(* Charlier-type polynomials c_n: the coefficient of t^n/n! in
   exp((z/a) log(1 + t a) - s t / a) = (1+ta)^{z/a} e^{-st/a}, i.e.
   c_n(z) = sum_{k=0}^n C(n,k) z(z-a)...(z-(k-1)a) (-s/a)^{n-k}. *)
Definition charlier (a s : R) (n : nat) (z : C) : C :=
  Csum (fun k => Cmult (RtoC (Binomial.C n k))
                   (Cmult (falling a z k) (Cpow (RtoC (- s / a)) (n - k))))
       (S n).

Definition cpoly (a s : R) (co : nat -> C) (N : nat) (z : C) : C :=
  Csum (fun k => Cmult (co k) (charlier a s k z)) N.

(* U = d^+ + s/a on C[z], where d^+ c_k = c_{k+1} *)
Definition U_poly (a s : R) (co : nat -> C) (N : nat) (z : C) : C :=
  Csum (fun k => Cmult (co k)
          (Cplus (charlier a s (S k) z) (Cmult (RtoC (s / a)) (charlier a s k z)))) N.

(* V = a d^- + 1 on C[z], where d^- c_k = k c_{k-1} (d^- c_0 = 0) *)
Definition V_poly (a s : R) (co : nat -> C) (N : nat) (z : C) : C :=
  Csum (fun k => Cmult (co k)
          (Cplus (Cmult (RtoC (a * INR k)) (charlier a s (Nat.pred k) z))
                 (charlier a s k z))) N.

From Stdlib Require Import Reals Lra Lia.
From Coquelicot Require Import Coquelicot.
Open Scope R_scope.

(** The Charlier recurrences
      [c_(n+1)(z) = z c_n(z - alpha) - (sigma / alpha) c_n(z)] and
      [c_n(z + alpha) = c_n(z) + alpha n c_(n-1)(z)]
    show that [U] and [V] act on polynomials as [p |-> z p(z - alpha)] and
    [p |-> p(z + alpha)].  Polynomials are dense in [E^1_min]: the Taylor polynomials of [f],
    with coefficients given by Cauchy's formula on a large square (obtained here from
    Goursat's lemma), approximate [f] in every seminorm [sup |f(z)| e^(-|z|/n)], the
    Cauchy estimates controlling the polynomial far out.  Continuity of [U] and [V] carries
    the identities over to all of [E^1_min]. *)

Lemma Csum_ext (a b : nat -> C) N :
  (forall k, (k < N)%nat -> a k = b k) -> Csum a N = Csum b N.
Proof.
  induction N as [|N IH]; intros H; simpl; auto.
  rewrite IH by (intros; apply H; lia). rewrite (H N) by lia. reflexivity.
Qed.

Lemma Csum_plus (a b : nat -> C) N :
  Csum (fun k => Cplus (a k) (b k)) N = Cplus (Csum a N) (Csum b N).
Proof. induction N as [|N IH]; simpl; [ring|]. rewrite IH. ring. Qed.

Lemma Csum_scal (c : C) (a : nat -> C) N :
  Csum (fun k => Cmult c (a k)) N = Cmult c (Csum a N).
Proof. induction N as [|N IH]; simpl; [ring|]. rewrite IH. ring. Qed.

Lemma Csum_0 N : Csum (fun _ => RtoC 0) N = RtoC 0.
Proof. induction N as [|N IH]; simpl; [ring|]. rewrite IH. ring. Qed.

Lemma Csum_Sl (a : nat -> C) N :
  Csum a (S N) = Cplus (a O) (Csum (fun k => a (S k)) N).
Proof.
  induction N as [|N IH]; [simpl; ring|].
  change (Csum a (S (S N))) with (Cplus (Csum a (S N)) (a (S N))). rewrite IH. simpl. ring.
Qed.

Lemma Csum_pad (a : nat -> C) N m :
  (forall k, (N <= k)%nat -> a k = RtoC 0) -> Csum a (N + m) = Csum a N.
Proof.
  intros H; induction m as [|m IH]; [now rewrite Nat.add_0_r|].
  rewrite Nat.add_succ_r. simpl. rewrite IH, (H (N + m)%nat) by lia. ring.
Qed.

(** * Charlier polynomials *)

(* [Binomial.C n k] is not zero for [k > n] (truncated subtraction in its definition). *)
Definition binom (n k : nat) : R := if Nat.leb k n then Binomial.C n k else 0.

Lemma binom_0 n : binom n 0 = 1.
Proof. apply C_n_0. Qed.

Lemma binom_pascal n j : binom (S n) (S j) = binom n j + binom n (S j).
Proof.
  unfold binom. change (Nat.leb (S j) (S n)) with (Nat.leb j n).
  destruct (Nat.ltb_spec j n) as [Hjn|Hjn].
  - rewrite (proj2 (Nat.leb_le j n)), (proj2 (Nat.leb_le (S j) n)) by lia.
    symmetry. now apply pascal.
  - destruct (Nat.eqb_spec j n) as [->|Hne].
    + rewrite Nat.leb_refl, (proj2 (Nat.leb_nle (S n) n)) by lia.
      rewrite !C_n_n. ring.
    + rewrite (proj2 (Nat.leb_nle j n)), (proj2 (Nat.leb_nle (S j) n)) by lia. ring.
Qed.

Lemma binom_S_mul m j : (j <= m)%nat ->
  INR (S j) * Binomial.C (S m) (S j) = INR (S m) * Binomial.C m j.
Proof.
  intros Hj. unfold Binomial.C. simpl (S m - S j)%nat.
  rewrite !fact_simpl, !mult_INR.
  field. repeat split; try apply INR_fact_neq_0; apply not_0_INR; lia.
Qed.

Section Charlier.
Variables (a s : R).

Let w := RtoC (- s / a).

Lemma falling_S_shift z k :
  Cmult z (falling a (Cminus z (RtoC a)) k) = falling a z (S k).
Proof.
  induction k as [|k IH]; [simpl; rewrite Rmult_0_l; ring|].
  change (falling a z (S (S k))) with
    (Cmult (falling a z (S k)) (Cminus z (RtoC (INR (S k) * a)))).
  rewrite <- IH. simpl falling. rewrite S_INR, !RtoC_mult, RtoC_plus. ring.
Qed.

Lemma falling_S_translate z k :
  falling a (Cplus z (RtoC a)) (S k) =
  Cplus (falling a z (S k)) (Cmult (RtoC (INR (S k) * a)) (falling a z k)).
Proof.
  rewrite <- falling_S_shift.
  replace (Cminus (Cplus z a) a) with z by ring.
  simpl falling. rewrite S_INR, !RtoC_mult, RtoC_plus. ring.
Qed.

Lemma charlier_binom n z L : (S n <= L)%nat ->
  charlier a s n z =
  Csum (fun k => Cmult (RtoC (binom n k)) (Cmult (falling a z k) (Cpow w (n - k)))) L.
Proof.
  intros HL. unfold charlier.
  replace L with (S n + (L - S n))%nat by lia.
  rewrite Csum_pad.
  - apply Csum_ext. intros k Hk. unfold binom.
    now rewrite (proj2 (Nat.leb_le k n)) by lia.
  - intros k Hk. unfold binom. rewrite (proj2 (Nat.leb_nle k n)) by lia. ring.
Qed.

Lemma charlier_S n z :
  charlier a s (S n) z =
  Cplus (Cmult z (charlier a s n (Cminus z (RtoC a)))) (Cmult w (charlier a s n z)).
Proof.
  rewrite (charlier_binom (S n) z (S (S n))), (charlier_binom n (Cminus z a) (S n)),
    (charlier_binom n z (S (S n))) by lia.
  rewrite Csum_Sl, (Csum_Sl _ (S n)).
  assert (Hsplit : Csum (fun k => Cmult (RtoC (binom (S n) (S k)))
                 (Cmult (falling a z (S k)) (Cpow w (S n - S k)))) (S n) =
     Cplus (Csum (fun k => Cmult z (Cmult (RtoC (binom n k))
                 (Cmult (falling a (Cminus z a) k) (Cpow w (n - k))))) (S n))
           (Csum (fun k => Cmult w (Cmult (RtoC (binom n (S k)))
                 (Cmult (falling a z (S k)) (Cpow w (n - S k))))) (S n))).
  { rewrite <- Csum_plus. apply Csum_ext. intros j Hj.
    rewrite binom_pascal, RtoC_plus, <- falling_S_shift. simpl (S n - S j)%nat.
    destruct (Nat.leb_spec (S j) n).
    - replace (n - j)%nat with (S (n - S j)) by lia. simpl Cpow. ring.
    - unfold binom at 2 4. rewrite (proj2 (Nat.leb_nle (S j) n)) by lia. ring. }
  rewrite Hsplit, !Csum_scal, !binom_0, !Nat.sub_0_r.
  change (Cpow w (S n)) with (Cmult (Cpow w n) w).
  simpl falling. ring.
Qed.

Lemma charlier_translate n z :
  charlier a s n (Cplus z (RtoC a)) =
  Cplus (charlier a s n z) (Cmult (RtoC (a * INR n)) (charlier a s (Nat.pred n) z)).
Proof.
  destruct n as [|m]; [unfold charlier; simpl; rewrite Rmult_0_r; ring|].
  unfold charlier at 1 2. rewrite !(Csum_Sl _ (S m)).
  simpl falling at 1 3. simpl Nat.pred.
  rewrite <- Cplus_assoc. f_equal.
  unfold charlier. rewrite <- Csum_scal, <- Csum_plus. apply Csum_ext.
  intros j Hj. simpl (S m - S j)%nat. rewrite falling_S_translate.
  assert (E : Cmult (RtoC (a * INR (S m))) (RtoC (Binomial.C m j)) =
              Cmult (RtoC (Binomial.C (S m) (S j))) (RtoC (INR (S j) * a))).
  { rewrite <- !RtoC_mult. f_equal.
    rewrite Rmult_assoc, <- binom_S_mul by lia. ring. }
  transitivity (Cplus (Cmult (RtoC (Binomial.C (S m) (S j)))
                        (Cmult (falling a z (S j)) (Cpow w (m - j))))
          (Cmult (Cmult (RtoC (a * INR (S m))) (RtoC (Binomial.C m j)))
                  (Cmult (falling a z j) (Cpow w (m - j))))).
  - rewrite E. unfold w. ring.
  - unfold w. ring.
Qed.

Your objective: Return, unchanged, the run of lines above that opens with the line containing "assert (E : Cmult" and closes with the line containing "transitivity (Cplus (Cmult". Include both.

Result for this task:
  assert (E : Cmult (RtoC (a * INR (S m))) (RtoC (Binomial.C m j)) =
              Cmult (RtoC (Binomial.C (S m) (S j))) (RtoC (INR (S j) * a))).
  { rewrite <- !RtoC_mult. f_equal.
    rewrite Rmult_assoc, <- binom_S_mul by lia. ring. }
  transitivity (Cplus (Cmult (RtoC (Binomial.C (S m) (S j)))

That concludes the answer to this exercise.